Lemma unf_Ch_inj s k l k' l' : unf s (Ch k l) -> unf s (Ch k' l') -> k = k' /\ l = l'.
Proof.
  intros H1 H2. destruct (unf_comparable _ _ _ H1 H2) as [H|H];
    apply unf_Ch in H; now injection H as -> ->.
Qed.

Lemma unf_Ch_not_one s k l : unf s (Ch k l) -> ~ is_one s.
Proof.
  intros H1 H2. destruct (unf_comparable _ _ _ H1 H2) as [H|H]; [apply unf_Ch in H|];
    inversion H.
Qed.

Lemma trans_o h l c : trans (h, None) l c -> l = LRb.
Proof. now inversion 1. Qed.

Lemma trans_one h t l c : unf t One -> trans (h, Some t) l c -> l = LRb.
Proof.
  intros Hu Ht. inversion Ht; subst; auto;
  match goal with H : unf t (Ch _ _) |- _ => destruct (unf_comparable _ _ _ Hu H) as [X|X] end;
  inversion X.
Qed.

Lemma trans_nil_not_rb x c : ~ trans ([], x) LRb c.
Proof.
  intros H. remember LRb as l. remember ([], x) as c0.
  destruct H; try discriminate; destruct k; discriminate.
Qed.

Lemma trans_tau_inv h x c : trans (h, x) LTau c -> fst c = h /\
  exists s l a s', x = Some s /\ unf s (Ch KUOut l) /\ 2 <= length l /\ In (a, s') l /\
    snd c = Some (Ch KUOut [(a, s')]).
Proof.
  intros H. inversion H; subst; simpl; try (destruct k; simpl in *; congruence).
  split; auto. do 4 eexists; eauto.
Qed.

Lemma trans_visible_inv h s al c : trans (h, Some s) al c -> al <> LTau -> al <> LRb ->
  exists k l a s', unf s (Ch k l) /\ In (a, s') l /\ al = lab_of k a /\ snd c = Some s'.
Proof.
  intros H H1 H2. inversion H; subst; try congruence.
  - do 4 eexists; eauto.
  - do 4 eexists; split; eauto. simpl; auto.
Qed.

Lemma dual_lab_of_inj kr ks a b :
  lab_of kr a = dual (lab_of ks b) -> a = b.
Proof. destruct kr, ks; simpl; congruence. Qed.

Lemma trans_branch s k l a r' : unf s (Ch k l) -> k <> KUOut -> In (a, r') l ->
  exists a1, trans ([], Some s) (lab_of k a) ([a1], Some r') /\
    (a1 = None \/ a1 = Some (Ch k (remove_branch a l))).
Proof.
  intros Hu Hk Hin. destruct (le_lt_dec 2 (length l)).
  - eexists. split; [eapply tr_retr; eauto | right; eauto].
  - destruct l as [|p [|q rest]]; simpl in *; [contradiction | | lia].
    destruct Hin as [-> | []]. eexists. split; [eapply tr_unary; eauto | left; eauto].
Qed.

(** * Non-compliance of stuck configurations *)

(* A tau move yields a unary output, which has no tau move: one step suffices. *)
Definition tau_reach (x x1 : option contract) : Prop :=
  x1 = x \/ trans ([], x) LTau ([], x1).

Definition no_comm (x y : option contract) : Prop :=
  forall al c d, al <> LTau -> al <> LRb ->
    trans ([], x) al c -> trans ([], y) (dual al) d -> False.

Lemma tau_reach_stable x : exists x1, tau_reach x x1 /\ forall c, ~ trans ([], x1) LTau c.
Proof.
  destruct (classic (exists x1, trans ([], x) LTau ([], x1))) as [[x1 Hx1]|Hn].
  - exists x1. split; [now right|]. intros c Hc.
    apply trans_tau_inv in Hx1 as [_ [s [l [a [s' [_ [_ [_ [_ E]]]]]]]]]. simpl in E; subst.
    apply trans_tau_inv in Hc as [_ [s0 [l' [_ [_ [E [Hu [Hl _]]]]]]]].
    injection E as <-. apply unf_Ch in Hu. injection Hu as ->. simpl in Hl. lia.
  - exists x. split; [now left|]. intros [h x1] Hc. apply Hn.
    destruct (trans_tau_inv _ _ _ Hc) as [E _]. simpl in E; subst. eauto.
Qed.

Lemma noncompliant_of_no_comm x y :
  (forall x1 y1, tau_reach x x1 -> tau_reach y y1 -> no_comm x1 y1) ->
  (forall x1, tau_reach x x1 -> ~ client_done ([], x1)) ->
  noncompliant (([], x), ([], y)).
Proof.
  intros Hc Hd. destruct (tau_reach_stable x) as [x1 [Hx1 Hnx]].
  destruct (tau_reach_stable y) as [y1 [Hy1 Hny]].
  apply (noncompliant_rt _ (([], x1), ([], y))).
  { destruct Hx1 as [->|Hx1]; [apply rt_refl | now apply rt_step, st_ct, st_tau_l]. }
  apply (noncompliant_rt _ (([], x1), ([], y1))).
  { destruct Hy1 as [->|Hy1]; [apply rt_refl | now apply rt_step, st_ct, st_tau_r]. }
  apply noncompliant_stuck; [|auto]. intros Q HQ. inversion HQ as [P' Q' H | ]; subst.
  - inversion H; subst; [eapply Hc | eapply Hnx | eapply Hny]; eauto.
  - eapply trans_nil_not_rb; eauto.
Qed.

Definition tau_free (k : kind) (l : list (name * contract)) : Prop :=
  k <> KUOut \/ length l < 2.

Lemma tau_free_unary k p : tau_free k [p].
Proof. right. auto. Qed.

Lemma tau_reach_tau_free s k l x1 :
  unf s (Ch k l) -> tau_free k l -> tau_reach (Some s) x1 -> x1 = Some s.
Proof.
  intros Hu Hk [->|Ht]; auto.
  apply trans_tau_inv in Ht as [_ [s0 [l' [a [s' [E [Hu' [Hl _]]]]]]]]. injection E as <-.
  destruct (unf_Ch_inj _ _ _ _ _ Hu Hu') as [-> ->]. destruct Hk; [congruence | lia].
Qed.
++++
The records above must be output exactly, in full.

Lemma unf_Ch_inj s k l k' l' : unf s (Ch k l) -> unf s (Ch k' l') -> k = k' /\ l = l'.
Proof.
  intros H1 H2. destruct (unf_comparable _ _ _ H1 H2) as [H|H];
    apply unf_Ch in H; now injection H as -> ->.
Qed.

Lemma unf_Ch_not_one s k l : unf s (Ch k l) -> ~ is_one s.
Proof.
  intros H1 H2. destruct (unf_comparable _ _ _ H1 H2) as [H|H]; [apply unf_Ch in H|];
    inversion H.
Qed.

Lemma trans_o h l c : trans (h, None) l c -> l = LRb.
Proof. now inversion 1. Qed.

Lemma trans_one h t l c : unf t One -> trans (h, Some t) l c -> l = LRb.
Proof.
  intros Hu Ht. inversion Ht; subst; auto;
  match goal with H : unf t (Ch _ _) |- _ => destruct (unf_comparable _ _ _ Hu H) as [X|X] end;
  inversion X.
Qed.

Lemma trans_nil_not_rb x c : ~ trans ([], x) LRb c.
Proof.
  intros H. remember LRb as l. remember ([], x) as c0.
  destruct H; try discriminate; destruct k; discriminate.
Qed.

Lemma trans_tau_inv h x c : trans (h, x) LTau c -> fst c = h /\
  exists s l a s', x = Some s /\ unf s (Ch KUOut l) /\ 2 <= length l /\ In (a, s') l /\
    snd c = Some (Ch KUOut [(a, s')]).
Proof.
  intros H. inversion H; subst; simpl; try (destruct k; simpl in *; congruence).
  split; auto. do 4 eexists; eauto.
Qed.

Lemma trans_visible_inv h s al c : trans (h, Some s) al c -> al <> LTau -> al <> LRb ->
  exists k l a s', unf s (Ch k l) /\ In (a, s') l /\ al = lab_of k a /\ snd c = Some s'.
Proof.
  intros H H1 H2. inversion H; subst; try congruence.
  - do 4 eexists; eauto.
  - do 4 eexists; split; eauto. simpl; auto.
Qed.

Lemma dual_lab_of_inj kr ks a b :
  lab_of kr a = dual (lab_of ks b) -> a = b.
Proof. destruct kr, ks; simpl; congruence. Qed.

Lemma trans_branch s k l a r' : unf s (Ch k l) -> k <> KUOut -> In (a, r') l ->
  exists a1, trans ([], Some s) (lab_of k a) ([a1], Some r') /\
    (a1 = None \/ a1 = Some (Ch k (remove_branch a l))).
Proof.
  intros Hu Hk Hin. destruct (le_lt_dec 2 (length l)).
  - eexists. split; [eapply tr_retr; eauto | right; eauto].
  - destruct l as [|p [|q rest]]; simpl in *; [contradiction | | lia].
    destruct Hin as [-> | []]. eexists. split; [eapply tr_unary; eauto | left; eauto].
Qed.

(** * Non-compliance of stuck configurations *)

(* A tau move yields a unary output, which has no tau move: one step suffices. *)
Definition tau_reach (x x1 : option contract) : Prop :=
  x1 = x \/ trans ([], x) LTau ([], x1).

Definition no_comm (x y : option contract) : Prop :=
  forall al c d, al <> LTau -> al <> LRb ->
    trans ([], x) al c -> trans ([], y) (dual al) d -> False.

Lemma tau_reach_stable x : exists x1, tau_reach x x1 /\ forall c, ~ trans ([], x1) LTau c.
Proof.
  destruct (classic (exists x1, trans ([], x) LTau ([], x1))) as [[x1 Hx1]|Hn].
  - exists x1. split; [now right|]. intros c Hc.
    apply trans_tau_inv in Hx1 as [_ [s [l [a [s' [_ [_ [_ [_ E]]]]]]]]]. simpl in E; subst.
    apply trans_tau_inv in Hc as [_ [s0 [l' [_ [_ [E [Hu [Hl _]]]]]]]].
    injection E as <-. apply unf_Ch in Hu. injection Hu as ->. simpl in Hl. lia.
  - exists x. split; [now left|]. intros [h x1] Hc. apply Hn.
    destruct (trans_tau_inv _ _ _ Hc) as [E _]. simpl in E; subst. eauto.
Qed.

Lemma noncompliant_of_no_comm x y :
  (forall x1 y1, tau_reach x x1 -> tau_reach y y1 -> no_comm x1 y1) ->
  (forall x1, tau_reach x x1 -> ~ client_done ([], x1)) ->
  noncompliant (([], x), ([], y)).
Proof.
  intros Hc Hd. destruct (tau_reach_stable x) as [x1 [Hx1 Hnx]].
  destruct (tau_reach_stable y) as [y1 [Hy1 Hny]].
  apply (noncompliant_rt _ (([], x1), ([], y))).
  { destruct Hx1 as [->|Hx1]; [apply rt_refl | now apply rt_step, st_ct, st_tau_l]. }
  apply (noncompliant_rt _ (([], x1), ([], y1))).
  { destruct Hy1 as [->|Hy1]; [apply rt_refl | now apply rt_step, st_ct, st_tau_r]. }
  apply noncompliant_stuck; [|auto]. intros Q HQ. inversion HQ as [P' Q' H | ]; subst.
  - inversion H; subst; [eapply Hc | eapply Hnx | eapply Hny]; eauto.
  - eapply trans_nil_not_rb; eauto.
Qed.

Definition tau_free (k : kind) (l : list (name * contract)) : Prop :=
  k <> KUOut \/ length l < 2.

Lemma tau_free_unary k p : tau_free k [p].
Proof. right. auto. Qed.

Lemma tau_reach_tau_free s k l x1 :
  unf s (Ch k l) -> tau_free k l -> tau_reach (Some s) x1 -> x1 = Some s.
Proof.
  intros Hu Hk [->|Ht]; auto.
  apply trans_tau_inv in Ht as [_ [s0 [l' [a [s' [E [Hu' [Hl _]]]]]]]]. injection E as <-.
  destruct (unf_Ch_inj _ _ _ _ _ Hu Hu') as [-> ->]. destruct Hk; [congruence | lia].
Qed.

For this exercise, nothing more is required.